Потом бородач достал зеркало и поднес к его лицу.

Из зеркала на Дмитрия глядел чрезвычайно изможденный, бледный, болезненный, плохо выбритый и совершенно незнакомый мужчина. Лет сорока.


***


– Сколько сейчас времени?

– Три часа ночи… Три часа дня… Не знаю.

Таня лежала, отвернувшись, замотавшись в простыню как мумия.

– Брошу все и пойду по городу, – грустно продекламировал Дмитрий, – собирать бутылки в пыли…

– Да иди ты куда хочешь… – кажется, она плакала. А он ничего не чувствовал. Абсолютно ничего. Кроме полной свободы. Он сел на кровати, затем встал и даже слегка подпрыгнул. Ничего! Он посмотрел на свои руки и увидел их насквозь. С костями, сухожилиями и венами. Все было хрустально прекрасно. Светлеющее небо за окном манило его. «А ведь я могу летать, – понял он, – это мне не снится, я действительно могу летать». Он нажал кнопку Play и взобрался на подоконник.


***


– Сколько… времени…

– Сейчас?

– Сколько времени я… здесь…

Бородач задумался.

– Ты имеешь в виду, в этом помещении или в этом состоянии?

– Со-стоя-нии…

Дмитрий чувствовал, что бородач издевается, но у него не было сил что-то с этим сделать. Например, выйти из себя.

– Со всеми переездами – ну, наверное, лет двадцать.

– Можно мне теперь… врача?

Рыжебородый опешил. И даже как будто обиделся.

– Так я и есть твой врач, – наконец процедил он. – А что, есть жалобы какие-то?

– Плохо себя чу… – он потерял сознание.


***


На третий день Дмитрий понял, что та женщина со смутно знакомым лицом – это Таня. Сильно располневшая и подурневшая. «Ну а что ты хотел, – спросил он сам себя, – чтобы время остановилось, пока ты в коме?» Оставалось понять, что она здесь делает и какова ее роль в происходящем. Времени для размышлений было навалом. Есть он все еще не мог, тела не чувствовал. За попыткой шевельнуть какой-нибудь конечностью тут же следовала вспышка дикой головной боли, как будто чугунное ядро разрывалось в голове и крошило там все чугунными осколками. Обезболивающее душка-врач давать отказался, объяснив это тем, что боль в голове «не физического, а метафизического характера, и лекарства тут не помогут». Клоун, блин… Дмитрий ненавидел его всей душой.

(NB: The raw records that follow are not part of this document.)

Lemma independent_comb_lower_bound n (e : 'I_n -> X) : independent e ->
  exists2 k, 0 < k & forall c, \sum_(i < n) `|c i| = 1 -> k <= `|\sum_(i < n) c i *: e i|.
Proof.
move=> ind; apply: contrapT => no_bound.
have small m : exists c : 'I_n -> R,
    \sum_(i < n) `|c i| = 1 /\ `|\sum_(i < n) c i *: e i| < m.+1%:R^-1.
  apply: contrapT => nc; apply: no_bound; exists m.+1%:R^-1 => // c c1.
  by rewrite leNgt; apply/negP => lt; apply: nc; exists c.
have [cs cs_small] := choice small.
have cs_bd i m : `|cs m i| <= 1.
  by rewrite -(cs_small m).1; exact: ler_term_sum (fun j => normr_ge0 (cs m j)).
have [phi [l [phi_incr csl]]] := bolzano_weierstrass_ord (u := fun i m => cs m i) cs_bd.
have l1 : \sum_(i < n) `|l i| = 1.
  have norms : (fun m => \sum_(i < n) `|cs (phi m) i|) @ \oo --> \sum_(i < n) `|l i|.
    by apply: cvg_sum => i; exact: cvg_norm (csl i).
  have ones : (fun m => \sum_(i < n) `|cs (phi m) i|) @ \oo --> (1 : R).
    by under eq_cvg do rewrite (cs_small _).1; exact: cvg_cst.
  exact: cvg_unique _ norms ones.
have comb_l0 : `|\sum_(i < n) l i *: e i| = 0.
  have comb_phi : (fun m => `|\sum_(i < n) cs (phi m) i *: e i|) @ \oo -->
      `|\sum_(i < n) l i *: e i|.
    by apply: cvg_norm; apply: cvg_sum => i; exact: cvgZr_tmp (csl i).
  have comb_cs0 : (fun m => `|\sum_(i < n) cs m i *: e i|) @ \oo --> (0 : R).
    apply: (@squeeze_cvgr _ _ _ _ (fun=> 0) harmonic).
    - by apply: nearW => m; rewrite normr_ge0 ltW //; exact: (cs_small m).2.
    - exact: cvg_cst.
    - exact: cvg_harmonic.
  exact: cvg_unique _ comb_phi (cvg_subseq phi_incr comb_cs0).
move/normr0_eq0/ind: comb_l0 => l0.
suff : \sum_(i < n) `|l i| = 0 by rewrite l1 => /eqP; rewrite oner_eq0.
by rewrite big1 // => i _; rewrite l0 normr0.
Qed.

Lemma independent_coord_bound n (e : 'I_n -> X) : independent e ->
  exists2 K, 0 < K & forall c, \sum_(i < n) `|c i| <= K * `|\sum_(i < n) c i *: e i|.
Proof.
move=> /independent_comb_lower_bound[k k0 kle].
exists k^-1 => [|c]; first by rewrite invr_gt0.
set s := \sum_(i < n) `|c i|.
have [->|s_neq0] := eqVneq s 0; first by apply: mulr_ge0; rewrite // invr_ge0 ltW.
have s_gt0 : 0 < s by rewrite lt0r s_neq0 /=; apply: sumr_ge0 => i _.
have cs1 : \sum_(i < n) `|c i / s| = 1.
  under eq_bigr do rewrite normrM normfV (gtr0_norm s_gt0).
  by rewrite -mulr_suml mulfV.
have combZ : \sum_(i < n) (c i / s) *: e i = s^-1 *: \sum_(i < n) c i *: e i.
  by rewrite scaler_sumr; apply: eq_bigr => i _; rewrite scalerA mulrC.
have := kle _ cs1; rewrite combZ normrZ normfV (gtr0_norm s_gt0).
by rewrite !ler_pdivlMl // mulrC.
Qed.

Потянулись недели реабилитации. Несколько раз ненадолго приходила Таня. Брала его за руку, больно сжимала пальцы. Разговаривать она не могла, потому что все время плакала, и его это начало бесить.

– Да, да, – ворчал он, пытаясь вытянуть ладонь из ее пухлых рук, – это я, я живой, да, спасибо…

– Ты бы повежливее с ней, – сказал доктор после ее ухода. – Все-таки она о тебе столько лет печется. Столько денег потратила. Давно бы уж отключили тебя от всего, и фьють…

– Не лезь в наши дела, – огрызнулся Дмитрий.

– Как скажешь, – доктор достал из кармана телефон и начал играть в «змейку».

– А откуда такие деньги?.. – не выдержал Дмитрий.

– Из тумбочки, – ухмыльнулся доктор, не поднимая глаз от телефона. – Муж дает.

– И кто у нас муж?

– Шутник, блин. Мэр у нас муж.

– Звучит как шарада.

Доктор раздосадованно крякнул и сунул телефон в карман пиджака.

– Ладно, некогда мне. Физиотерапия через пятнадцать минут. Не спать! – он похлопал Дмитрия по коленке и испарился.


***


Накануне выписки в палату пришла Таня, в легкой весенней курточке. На скулах ее горели красные пятна. Дмитрий про себя отметил пористую кожу, сиреневые прожилки на щеках. «Да она же старуха», – подумал он. Таня была взволнована и отчаянно трусила, но пыталась говорить торжественно.

– Дима, у меня хорошие новости!

От неожиданности он замер и смотрел на нее во все глаза.

– В понедельник… То есть завтра тебя выписывают, и ты… переезжаешь к нам!

– Куда к вам?

– К нам с Антоном. Домой. Он очень ждет встречи. Нам нужно очень много тебе рассказать.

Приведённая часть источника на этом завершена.